He looks smooth but that video doesn't really help. 

I'm going to say back to you what I think is the gist of your position: Rather than purely mashing down, riders start pushing the pedals earlier in an attempt to eliminate the "dead spot" at the top of the stroke.


----------



## cxwrench (Nov 9, 2004)

dnc said:


> Pedaling without a dead spot sector or pause in your power application, starting your power stroke at 11 instead of 1 o'c and ending at 5 o'c, applying the same power at 12 as at 3 o'c, as this video (I hope) demonstrates. Youtube.com Videos - RECORD DELL'ORA: JACQUES ANQUETIL 1967 (AL VIGORELLI) Videos


I fail to see how a video from the late 60's of Anquetil demonstrates anything at all about where in his pedal stroke he makes power or not. All it shows is that he pedals somewhat toes down. Big deal. With no "BrimBros" power meter magic there is no way you tell anything from this. 
Isn't that the reason you haven't been able to tell us all how your idea works? If you haven't been able to show proof, then a 46 year old video sure as hell isn't going to prove anything.


----------



## dnc (Feb 8, 2003)

cxwrench said:


> I fail to see how a video from the late 60's of Anquetil demonstrates anything at all about where in his pedal stroke he makes power or not. All it shows is that he pedals somewhat toes down. Big deal. With no "BrimBros" power meter magic there is no way you tell anything from this.
> Isn't that the reason you haven't been able to tell us all how your idea works? If you haven't been able to show proof, then a 46 year old video sure as hell isn't going to prove anything.


 That video shows what the pedaling looks like to an observer but you are right, even to his team mates it revealed absolutely nothing about his application of torque to the crank because all muscle action is hidden under the skin and that's why he was able to retain his TT pedaling secret throughout his racing years.
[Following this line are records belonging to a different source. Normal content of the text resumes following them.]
(* Let $n\ge3$, $-2<l<0$, $1<p\le p_*=\frac{n+2+2l}{n-2}$, and let $f$ satisfy $(f_1)$, $(f_2)$, $(f_2')$. Assume there exist positive numbers $r_0,C_1$ such that $f(r)\ge C_1 r^{l}$ for $r>r_0$. Then there exists a constant $C>0$, independent of $\alpha$, such that whenever $u(r;\alpha)$ (for any $0<\alpha<\infty$) is a positive entire solution (i.e. $u(r;\alpha)>0$ for all $r\ge0$), it satisfies $u(r;\alpha)\le C r^{\frac{2-n}{2}}$ for all $r\ge r_0$.
   Context: Standing hypotheses: $(f_1)$ $f\in C(0,\infty)$, $f(r)>0$ for $r>0$; $(f_2)$ $f(r)=O(r^l)$ as $r\to\infty$; $(f_2')$ $f(r)=O(r^\sigma)$ as $r\to0$, $\sigma>-2$. For $\alpha>0$, $u(r;\alpha)$ is the unique solution of (1.4) $u''+\frac{n-1}{r}u'+f(r)(u^+)^p=0$, $u(0;\alpha)=\alpha$, $u'(0;\alpha)=0$, $u^+=\max\{u,0\}$; it corresponds to the radial solution $u(|x|)$ of $-\Delta u=f(|x|)u^p$ on $\mathbb R^n$. *)

From Stdlib Require Import Reals.
From Coquelicot Require Import Coquelicot.
Open Scope R_scope.

Definition pospow (x q : R) : R := if Rlt_dec 0 x then Rpower x q else 0.

Definition upos (x : R) : R := Rmax x 0.

(* u is a solution of (1.4):
   u'' + (n-1)/r u' + f(r) (u^+)^p = 0 on (0,oo), u(0) = alpha, u'(0) = 0.
   Since f may be singular at r = 0 (f = O(r^sigma), sigma > -2), the initial
   conditions are imposed as: u(0) = alpha, u continuous at 0 from the right,
   and u'(r) -> 0 as r -> 0+. *)
Definition radial_sol (n : nat) (f : R -> R) (p alpha : R) (u : R -> R) : Prop :=
  u 0 = alpha /\
  filterlim u (at_right 0) (locally alpha) /\
  exists du : R -> R,
    (forall r, 0 < r -> is_derive u r (du r)) /\
    filterlim du (at_right 0) (locally 0) /\
    (forall r, 0 < r ->
       is_derive du r (- ((INR n - 1) / r) * du r - f r * pospow (upos (u r)) p)).

Definition p_star (n : nat) (l : R) : R := (INR n + 2 + 2 * l) / (INR n - 2).

From Stdlib Require Import Reals Lra Lia.
From Coquelicot Require Import Coquelicot.
Open Scope R_scope.

(* Writing [v(r) = -r^(n-1) u'(r)], the equation reads [v' = r^(n-1) f u^p >= 0] and
   [v(0+) = 0], so [v >= 0] is nondecreasing and [u] is nonincreasing.  On [[r, 2r]] the
   bound [f >= C1 r^l] makes [v] grow by at least [C1 (2r)^l r^n u(2r)^p], while the
   positivity of [u(3r)] limits the fall of [u] on [[2r, 3r]], i.e. [r v(2r) < 3^(n-1)
   r^(n-1) u(2r)].  Together [u(2r)^(p-1) < K r^-(2+l)]; the same bound on [v(2r)] also
   gives [u(r) <= (1 + 3^(n-1)) u(2r)].  Hence [u(r) <= C r^(-(2+l)/(p-1))] with [C]
   independent of [alpha], and [p <= p_*] says exactly [-(2+l)/(p-1) <= (2-n)/2]. *)

Lemma Rpower_pos x y : 0 < Rpower x y.
Proof. apply exp_pos. Qed.

Lemma Rle_Rpower_l_npos a b c : c <= 0 -> 0 < a <= b -> Rpower b c <= Rpower a c.
Proof.
  intros Hc Hab.
  replace c with (- - c) by ring. rewrite !(Rpower_Ropp _ (- c)).
  apply Rinv_le_contravar; [apply Rpower_pos |].
  apply Rle_Rpower_l; lra.
Qed.

Lemma Rpower_lt_root x y a q s : 0 < x -> 0 < y -> 0 < a -> 0 < q ->
  Rpower x q < a * Rpower y s -> x < Rpower a (/ q) * Rpower y (s / q).
Proof.
  intros Hx Hy Ha Hq Hlt.
  replace x with (Rpower (Rpower x q) (/ q)).
  2: { rewrite Rpower_mult, Rinv_r, Rpower_1 by lra; reflexivity. }
  unfold Rdiv. rewrite <- Rpower_mult, Rpower_mult_distr by (auto; apply Rpower_pos).
  apply Rlt_Rpower_l; [apply Rinv_0_lt_compat; lra |].
  split; [apply Rpower_pos | exact Hlt].
Qed.

Lemma is_derive_increment_ge (g dg : R -> R) (c a b : R) : a <= b ->
  (forall x, a <= x <= b -> is_derive g x (dg x)) ->
  (forall x, a < x < b -> c <= dg x) -> c * (b - a) <= g b - g a.
Proof.
  intros Hab Hd Hc. destruct (Req_dec a b) as [<- | Hne]; [lra |].
  destruct (MVT_cor2 g dg a b) as [x [Hx Hx']]; [lra | |].
  - intros x Hx; apply is_derive_Reals; auto.
  - rewrite Hx. apply Rmult_le_compat_r; [lra | apply Hc; exact Hx'].
Qed.

Lemma pospow_upos x p : 0 < x -> pospow (upos x) p = Rpower x p.
Proof.
  intros Hx. unfold pospow, upos. rewrite Rmax_left by lra.
  destruct (Rlt_dec 0 x); [reflexivity | lra].
Qed.

(* For [n = S m], [flux m du] is [v(r) = -r^(n-1) u'(r)]. *)
Definition flux (m : nat) (du : R -> R) (t : R) : R := - (t ^ m * du t).

Section RadialSolution.

Variables (m : nat) (f u du : R -> R) (p : R).
Hypothesis p_nonneg : 0 <= p.
Hypothesis f_pos : forall r, 0 < r -> 0 < f r.
Hypothesis u_pos : forall r, 0 < r -> 0 < u r.
Hypothesis u_deriv : forall r, 0 < r -> is_derive u r (du r).
Hypothesis du_deriv : forall r, 0 < r ->
  is_derive du r (- ((INR (S m) - 1) / r) * du r - f r * pospow (upos (u r)) p).
Hypothesis du_lim0 : filterlim du (at_right 0) (locally 0).

Lemma flux_deriv s : 0 < s -> is_derive (flux m du) s (s ^ m * f s * Rpower (u s) p).
Proof.
  intros Hs.
  pose proof (is_derive_opp _ _ _ (is_derive_mult _ _ _ _ _
    (is_derive_pow _ m _ _ (is_derive_id s)) (du_deriv s Hs) Rmult_comm)) as H.
  rewrite pospow_upos in H by auto.
  replace (s ^ m * f s * Rpower (u s) p) with
    (opp (plus (mult (INR m * 1 * s ^ Nat.pred m) (du s))
       (mult (s ^ m) (- ((INR (S m) - 1) / s) * du s - f s * Rpower (u s) p)))).
  - exact H.
  - rewrite S_INR. destruct m as [|k]; simpl pred; simpl pow;
      unfold opp, plus, mult; simpl; field; lra.
Qed.

Lemma flux_nondecreasing a b : 0 < a <= b -> flux m du a <= flux m du b.
Proof.
  intros Hab.
  enough (0 * (b - a) <= flux m du b - flux m du a) by lra.
  apply (is_derive_increment_ge (flux m du) (fun s => s ^ m * f s * Rpower (u s) p)); [lra | |].
  - intros x Hx; apply flux_deriv; lra.
  - intros x Hx.
    assert (0 < x ^ m) by (apply pow_lt; lra).
    assert (0 < f x) by (apply f_pos; lra).
    pose proof (Rpower_pos (u x) p).
    apply Rmult_le_pos; [apply Rmult_le_pos |]; lra.
Qed.

(* Were [flux s < 0], monotonicity would give [u' >= - flux s > 0] on [(0, min s 1)],
   against [u'(0+) = 0]. *)
Lemma flux_nonneg s : 0 < s -> 0 <= flux m du s.
Proof.
  intros Hs. destruct (Rle_lt_dec 0 (flux m du s)) as [| Hneg]; [assumption | exfalso].
  assert (Hevent : at_right 0 (fun t => - flux m du s <= du t)).
  { exists (mkposreal (Rmin s 1) (Rmin_pos _ _ Hs Rlt_0_1)).
    intros t Hball Ht.
    apply Rabs_def2 in Hball. rewrite Rminus_0_r in Hball. simpl in Hball.
    pose proof (Rmin_l s 1). pose proof (Rmin_r s 1).
    assert (Htm : 0 < t ^ m <= 1).
    { split; [apply pow_lt; lra | rewrite <- (pow1 m); apply pow_incr; lra]. }
    pose proof (flux_nondecreasing t s ltac:(lra)) as Hts. unfold flux in Hts, Hneg |- *.
    assert (Hdu : 0 < du t) by nra.
    assert ((1 - t ^ m) * du t >= 0) by nra.
    nra. }
  pose proof (filterlim_le (F := at_right 0) (fun _ => - flux m du s) du
    (- flux m du s) 0 Hevent (filterlim_const _) du_lim0) as H.
  simpl in H. lra.
Qed.

Lemma neg_du_eq_flux x : 0 < x -> - du x = flux m du x / x ^ m.
Proof. intros Hx. unfold flux. field. apply pow_nonzero. lra. Qed.

Lemma u_decrement_ge a b : 0 < a <= b -> flux m du a / b ^ m * (b - a) <= u a - u b.
Proof.
  intros Hab.
  enough (flux m du a / b ^ m * (b - a) <= - u b - - u a) by lra.
  apply (is_derive_increment_ge (fun t => - u t) (fun t => - du t)); [lra | |].
  - intros x Hx. apply (is_derive_opp u), u_deriv. lra.
  - intros x Hx. rewrite neg_du_eq_flux by lra.
    pose proof (flux_nonneg a ltac:(lra)).
    pose proof (flux_nondecreasing a x ltac:(lra)).
    assert (0 < x ^ m) by (apply pow_lt; lra).
    assert (x ^ m <= b ^ m) by (apply pow_incr; lra).
    apply Rmult_le_compat; [lra | left; apply Rinv_0_lt_compat; lra | lra |].
    apply Rinv_le_contravar; lra.
Qed.

Lemma u_nonincreasing a b : 0 < a <= b -> u b <= u a.
Proof.
  intros Hab. pose proof (u_decrement_ge a b Hab).
  pose proof (flux_nonneg a ltac:(lra)).
  assert (0 < b ^ m) by (apply pow_lt; lra).
  enough (0 <= flux m du a / b ^ m * (b - a)) by lra.
  apply Rmult_le_pos; [apply Rmult_le_pos; [lra | left; apply Rinv_0_lt_compat; lra] | lra].
Qed.

Lemma u_decrement_le a b : 0 < a <= b -> u a - u b <= flux m du b / a ^ m * (b - a).
Proof.
  intros Hab.
  enough (- (flux m du b / a ^ m) * (b - a) <= u b - u a) by lra.
  apply (is_derive_increment_ge u du); [lra | intros x Hx; apply u_deriv; lra |].
  intros x Hx.
  enough (flux m du x / x ^ m <= flux m du b / a ^ m) by (rewrite <- neg_du_eq_flux in *; lra).
  pose proof (flux_nonneg x ltac:(lra)).
  pose proof (flux_nondecreasing x b ltac:(lra)).
  assert (0 < a ^ m) by (apply pow_lt; lra).
  assert (a ^ m <= x ^ m) by (apply pow_incr; lra).
  apply Rmult_le_compat; [lra | left; apply Rinv_0_lt_compat, pow_lt; lra | lra |].
  apply Rinv_le_contravar; lra.
Qed.

Lemma flux_increment_ge a b c : 0 < a <= b -> 0 <= c -> (forall x, a < x < b -> c <= f x) ->
  c * a ^ m * Rpower (u b) p * (b - a) <= flux m du b - flux m du a.
Proof.
  intros Hab Hc Hf.
  apply (is_derive_increment_ge (flux m du) (fun s => s ^ m * f s * Rpower (u s) p)); [lra | |].
  - intros x Hx; apply flux_deriv; lra.
  - intros x Hx.
    assert (0 <= a ^ m) by (apply pow_le; lra).
    assert (a ^ m <= x ^ m) by (apply pow_incr; lra).
    assert (Rpower (u b) p <= Rpower (u x) p).
    { apply Rle_Rpower_l; [exact p_nonneg |]. split; [apply u_pos; lra | apply u_nonincreasing; lra]. }
    pose proof (Rpower_pos (u b) p).
    rewrite (Rmult_comm c).
    apply Rmult_le_compat; [apply Rmult_le_pos; lra | lra | | assumption].
    apply Rmult_le_compat; [lra | lra | lra | apply Hf; lra].
Qed.

Lemma flux_lt_u r : 0 < r -> r * flux m du (2 * r) < 3 ^ m * r ^ m * u (2 * r).
Proof.
  intros Hr.
  pose proof (u_decrement_ge (2 * r) (3 * r) ltac:(lra)) as Hdec.
  pose proof (u_pos (3 * r) ltac:(lra)).
  assert (H3r : 0 < (3 * r) ^ m) by (apply pow_lt; lra).
  rewrite <- Rpow_mult_distr, (Rmult_comm _ (u _)).
  replace (r * flux m du (2 * r)) with (flux m du (2 * r) / (3 * r) ^ m * (3 * r - 2 * r) * (3 * r) ^ m)
    by (field; lra).
  apply Rmult_lt_compat_r; lra.
Qed.

Lemma u_le_doubling r : 0 < r -> u r <= (1 + 3 ^ m) * u (2 * r).
Proof.
  intros Hr.
  pose proof (u_decrement_le r (2 * r) ltac:(lra)) as Hdec.
  pose proof (flux_lt_u r Hr).
  assert (Hrm : 0 < r ^ m) by (apply pow_lt; lra).
  enough (flux m du (2 * r) / r ^ m * (2 * r - r) < 3 ^ m * u (2 * r)) by lra.
  apply Rmult_lt_reg_r with (r ^ m); [exact Hrm |].
  replace (flux m du (2 * r) / r ^ m * (2 * r - r) * r ^ m) with (r * flux m du (2 * r))
    by (field; lra).
  lra.
Qed.

Lemma u_pow_bound r c : 0 < r -> 0 <= c -> (forall x, r < x < 2 * r -> c <= f x) ->
  c * r ^ 2 * Rpower (u (2 * r)) (p - 1) < 3 ^ m.
Proof.
  intros Hr Hc Hf.
  set (U := u (2 * r)).
  assert (HU : 0 < U) by (apply u_pos; lra).
  assert (Hrm : 0 < r ^ m) by (apply pow_lt; lra).
  assert (HUp : Rpower U p = U * Rpower U (p - 1)).
  { rewrite <- (Rpower_1 U) at 2 by lra. rewrite <- Rpower_plus. f_equal; ring. }
  pose proof (flux_increment_ge r (2 * r) c ltac:(lra) Hc Hf) as Hinc. fold U in Hinc.
  pose proof (flux_nonneg r Hr).
  pose proof (flux_lt_u r Hr) as Hflux. fold U in Hflux.
  apply Rmult_lt_reg_r with (r ^ m * U); [apply Rmult_lt_0_compat; lra |].
  apply Rle_lt_trans with (r * flux m du (2 * r)); [| rewrite <- Rmult_assoc; lra].
  replace (c * r ^ 2 * Rpower U (p - 1) * (r ^ m * U))
    with (r * (c * r ^ m * Rpower U p * (2 * r - r))) by (rewrite HUp; ring).
  apply Rmult_le_compat_l; lra.
Qed.

Lemma u_decay l C1 r0 r : 1 < p -> l < 0 -> 0 < C1 -> 0 < r0 <= r ->
  (forall x, r0 < x -> C1 * Rpower x l <= f x) ->
  u r <= (1 + 3 ^ m) * Rpower (3 ^ m / (C1 * Rpower 2 l)) (/ (p - 1))
         * Rpower r (- (2 + l) / (p - 1)).
Proof.
  intros Hp Hl HC1 Hr Hf.
  assert (Hr2 : 0 < Rpower 2 l) by apply Rpower_pos.
  assert (Hrl : 0 < Rpower r (2 + l)) by apply Rpower_pos.
  assert (Hpow : C1 * Rpower (2 * r) l * r ^ 2 = C1 * Rpower 2 l * Rpower r (2 + l)).
  { rewrite <- Rpower_mult_distr, Rpower_plus, <- (Rpower_pow 2 r) by lra.
    simpl INR. replace (1 + 1) with 2 by ring. ring. }
  assert (Hbound : C1 * Rpower (2 * r) l * r ^ 2 * Rpower (u (2 * r)) (p - 1) < 3 ^ m).
  { apply u_pow_bound; [lra | left; apply Rmult_lt_0_compat; [lra | apply Rpower_pos] |].
    intros x Hx. apply Rle_trans with (C1 * Rpower x l); [| apply Hf; lra].
    apply Rmult_le_compat_l; [lra | apply Rle_Rpower_l_npos; lra]. }
  rewrite Hpow in Hbound.
  assert (HU : u (2 * r) < Rpower (3 ^ m / (C1 * Rpower 2 l)) (/ (p - 1))
                           * Rpower r (- (2 + l) / (p - 1))).
  { apply Rpower_lt_root; [apply u_pos; lra | lra | | lra |].
    - apply Rdiv_lt_0_compat; [apply pow_lt; lra | apply Rmult_lt_0_compat; lra].
    - rewrite Rpower_Ropp. unfold Rdiv.
      apply Rmult_lt_reg_l with (C1 * Rpower 2 l * Rpower r (2 + l));
        [apply Rmult_lt_0_compat; [apply Rmult_lt_0_compat |]; lra |].
      replace (C1 * Rpower 2 l * Rpower r (2 + l) *
                (3 ^ m * / (C1 * Rpower 2 l) * / Rpower r (2 + l))) with (3 ^ m)
        by (field; lra).
      lra. }
  pose proof (u_le_doubling r ltac:(lra)).
  assert (0 < 1 + 3 ^ m) by (pose proof (pow_lt 3 m); lra).
  rewrite Rmult_assoc.
  apply Rle_trans with ((1 + 3 ^ m) * u (2 * r)); [assumption |].
  apply Rmult_le_compat_l; lra.
Qed.

End RadialSolution.

Lemma p_star_exponent n l p : (3 <= n)%nat -> 1 < p <= p_star n l ->
  - (2 + l) / (p - 1) <= (2 - INR n) / 2.
Proof.
  intros Hn [Hp1 Hp2].
  assert (HnR : 3 <= INR n) by (apply (le_INR 3) in Hn; simpl in Hn; lra).
  unfold p_star in Hp2.
  assert (Hp : p * (INR n - 2) <= INR n + 2 + 2 * l).
  { apply Rmult_le_reg_r with (/ (INR n - 2)); [apply Rinv_0_lt_compat; lra |].
    rewrite Rmult_assoc, Rinv_r by lra. lra. }
  apply Rmult_le_reg_r with (2 * (p - 1)); [lra |].
  replace (- (2 + l) / (p - 1) * (2 * (p - 1))) with (- 2 * (2 + l)) by (field; lra).
  replace ((2 - INR n) / 2 * (2 * (p - 1))) with ((2 - INR n) * (p - 1)) by field.
  lra.
Qed.

Theorem lemma4p2 (n : nat) (l p : R) (f : R -> R) (r0 C1 : R) :
  (3 <= n)%nat ->
  -2 < l < 0 ->
  1 < p <= p_star n l ->
  (* (f_1) *)
  (forall r, 0 < r -> continuous f r) ->
  (forall r, 0 < r -> 0 < f r) ->
  (* (f_2): f(r) = O(r^l) as r -> oo *)
  (exists K R0, 0 < R0 /\ forall r, R0 <= r -> Rabs (f r) <= K * Rpower r l) ->
  (* (f_2'): f(r) = O(r^sigma) as r -> 0, sigma > -2 *)
  (exists sigma K delta, -2 < sigma /\ 0 < delta /\
      forall r, 0 < r < delta -> Rabs (f r) <= K * Rpower r sigma) ->
  0 < r0 -> 0 < C1 ->
  (forall r, r0 < r -> C1 * Rpower r l <= f r) ->
  exists C, 0 < C /\
    forall (alpha : R) (u : R -> R),
      0 < alpha ->
      radial_sol n f p alpha u ->
      (forall r, 0 <= r -> 0 < u r) ->
      forall r, r0 <= r -> u r <= C * Rpower r ((2 - INR n) / 2).
Proof.
  (* Continuity of [f], (f_2) and (f_2') only matter for the existence of [u]. *)
  intros Hn Hl Hp _ Hf _ _ Hr0 HC1 Hfl.
  pose proof (p_star_exponent n l p Hn Hp) as Hexp.
  destruct n as [| m]; [lia |].
  set (e := - (2 + l) / (p - 1) - (2 - INR (S m)) / 2).
  set (K := (1 + 3 ^ m) * Rpower (3 ^ m / (C1 * Rpower 2 l)) (/ (p - 1))).
  assert (HK : 0 < K).
  { apply Rmult_lt_0_compat; [pose proof (pow_lt 3 m); lra | apply Rpower_pos]. }
  exists (K * Rpower r0 e). split; [apply Rmult_lt_0_compat; [exact HK | apply Rpower_pos] |].
  intros alpha u _ [_ [_ [du [Hd [Hlim Hdd]]]]] Hu r Hr.
  apply Rle_trans with (K * Rpower r (- (2 + l) / (p - 1))).
  - apply (u_decay m f u du p) with (r0 := r0); try lra; auto.
    intros x Hx; apply Hu; lra.
  - replace (- (2 + l) / (p - 1)) with (e + (2 - INR (S m)) / 2) by (unfold e; ring).
    rewrite Rpower_plus, <- Rmult_assoc.
    apply Rmult_le_compat_r; [left; apply Rpower_pos |].
    apply Rmult_le_compat_l; [lra | apply Rle_Rpower_l_npos; unfold e; lra].
Qed.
I have told you how the idea works and where the muscle action and power application takes place, the difficulty arises in trying to explain how this maximal torque is applied through 12 o'c because it happens so fast with a flick of the ankle as it travels up from 5 to 11 o'c and maximal use of the rear end and calf muscles in the simple knack that is used to smoothly apply this additional torque between 11 and 2 o'c. You can't make effective use of the calf muscles if you try to push through 12 o'c. Wait for BrimBros PM to confirm my claim and then the non believers might be interested. It is said if something sounds too good to be true it usually is but in those cases money is nearly always involved, like all other attempts to solve the problem of the dead spot.


----------



## cxwrench (Nov 9, 2004)

dnc said:


> That video shows what the pedaling looks like to an observer but you are right, even to his team mates it revealed absolutely nothing about his application of torque to the crank because all muscle action is hidden under the skin and that's why he was able to retain his TT pedaling secret throughout his racing years. I have told you how the idea works and where the muscle action and power application takes place, the difficulty arises in trying to explain how this maximal torque is applied through 12 o'c because it happens so fast with a flick of the ankle as it travels up from 5 to 11 o'c and maximal use of the rear end and calf muscles in the simple knack that is used to smoothly apply this additional torque between 11 and 2 o'c. You can't make effective use of the calf muscles if you try to push through 12 o'c. Wait for BrimBros PM to confirm my claim and then the non believers might be interested. It is said if something sounds too good to be true it usually is but in those cases money is nearly always involved, like all other attempts to solve the problem of the dead spot.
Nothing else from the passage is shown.